§ **Your objective**: Give again every line from the one with "Definition chernoff_exponent (dl" through the last line of the data, exactly, and leave out the lines before it.

(Dataset entries)
───
(* Exponential Markov: the indicator of [disp < vs L] is at most
   [expR (s (vs L - disp))], and the tilted sum over all patterns factorizes. *)
Lemma chernoff_walk (pb s vs : R) L : 0 <= pb <= 1 -> 0 <= s ->
  \sum_(pi : {ffun 'I_L -> bool} | (disp pi L)%:~R < vs * L%:R)
     \prod_(i < L) coin_weight pb (pi i)
  <= walk_mgf pb s vs ^+ L.
Proof.
move=> /andP[pb0 pb1] s0.
have w0 b : 0 <= coin_weight pb b by case: b; rewrite /coin_weight ?subr_ge0.
pose tilt b := coin_weight pb b * expR (s * vs - s * (step_sign b)%:~R).
have tilt0 b : 0 <= tilt b by apply: mulr_ge0; [exact: w0 | exact: expR_ge0].
apply: (@le_trans _ _ (\sum_(pi : {ffun 'I_L -> bool}) \prod_(i < L) tilt (pi i))).
  rewrite [leRHS](bigID (fun pi : {ffun 'I_L -> bool} => (disp pi L)%:~R < vs * L%:R)) /=.
  rewrite -[leLHS]addr0 lerD //; last by apply: sumr_ge0 => pi _; exact: prodr_ge0.
  apply: ler_sum => pi low; rewrite big_split /= -expR_sum.
  apply: ler_peMr; first exact: prodr_ge0.
  rewrite -[leLHS]expR0 ler_expR sumrB -!mulr_sumr -rmorph_sum -disp_ord.
  rewrite sumr_const card_ord -mulr_natr -mulrBr.
  by rewrite mulr_ge0 // subr_ge0 ltW.
rewrite -(bigA_distr_bigA (fun (i : 'I_L) b => tilt b)) prodr_const card_ord.
apply: lerXn2r; rewrite ?nnegrE ?sumr_ge0 //.
  rewrite mulr_ge0 ?expR_ge0 // addr_ge0 // mulr_ge0 ?expR_ge0 ?subr_ge0 //.
rewrite big_bool /tilt /coin_weight /step_sign /walk_mgf /= mulrDr !expRD.
rewrite (_ : (1%:~R : R) = 1) // (_ : ((-1)%:~R : R) = -1) // mulr1 mulrN1 opprK.
by rewrite le_eqVlt; apply/orP; left; apply/eqP; ring.
Qed.

Lemma expR_le_quadratic (t : R) : t <= 1 / 2 -> expR t <= 1 + t + 2 * t ^+ 2.
Proof.
move=> ht.
have h1 := expR_ge1Dx (- t).
have h2 : expR t * expR (- t) = 1 by rewrite -expRD subrr expR0.
have e0 := expR_ge0 t.
have h3 : expR t * (1 - t) <= 1 by rewrite -[X in _ <= X]h2; apply: ler_wpM2l.
nra.
Qed.

Definition chernoff_exponent (dl : R) : R := dl / (4 * (2 + dl) ^+ 2).

Definition walk_rate (dl : R) : R := chernoff_exponent dl * dl / 2.

Lemma chernoff_exponent_gt0 (dl : R) : 0 < dl -> 0 < chernoff_exponent dl.
Proof. by move=> dl0; rewrite divr_gt0 // mulr_gt0 // exprn_gt0 //; lra. Qed.

Lemma walk_rate_gt0 (dl : R) : 0 < dl -> 0 < walk_rate dl.
Proof. by move=> dl0; rewrite divr_gt0 // mulr_gt0 // chernoff_exponent_gt0. Qed.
───
§ **Output for this task**:
Definition chernoff_exponent (dl : R) : R := dl / (4 * (2 + dl) ^+ 2).

Definition walk_rate (dl : R) : R := chernoff_exponent dl * dl / 2.

Lemma chernoff_exponent_gt0 (dl : R) : 0 < dl -> 0 < chernoff_exponent dl.
Proof. by move=> dl0; rewrite divr_gt0 // mulr_gt0 // exprn_gt0 //; lra. Qed.

Lemma walk_rate_gt0 (dl : R) : 0 < dl -> 0 < walk_rate dl.
Proof. by move=> dl0; rewrite divr_gt0 // mulr_gt0 // chernoff_exponent_gt0. Qed.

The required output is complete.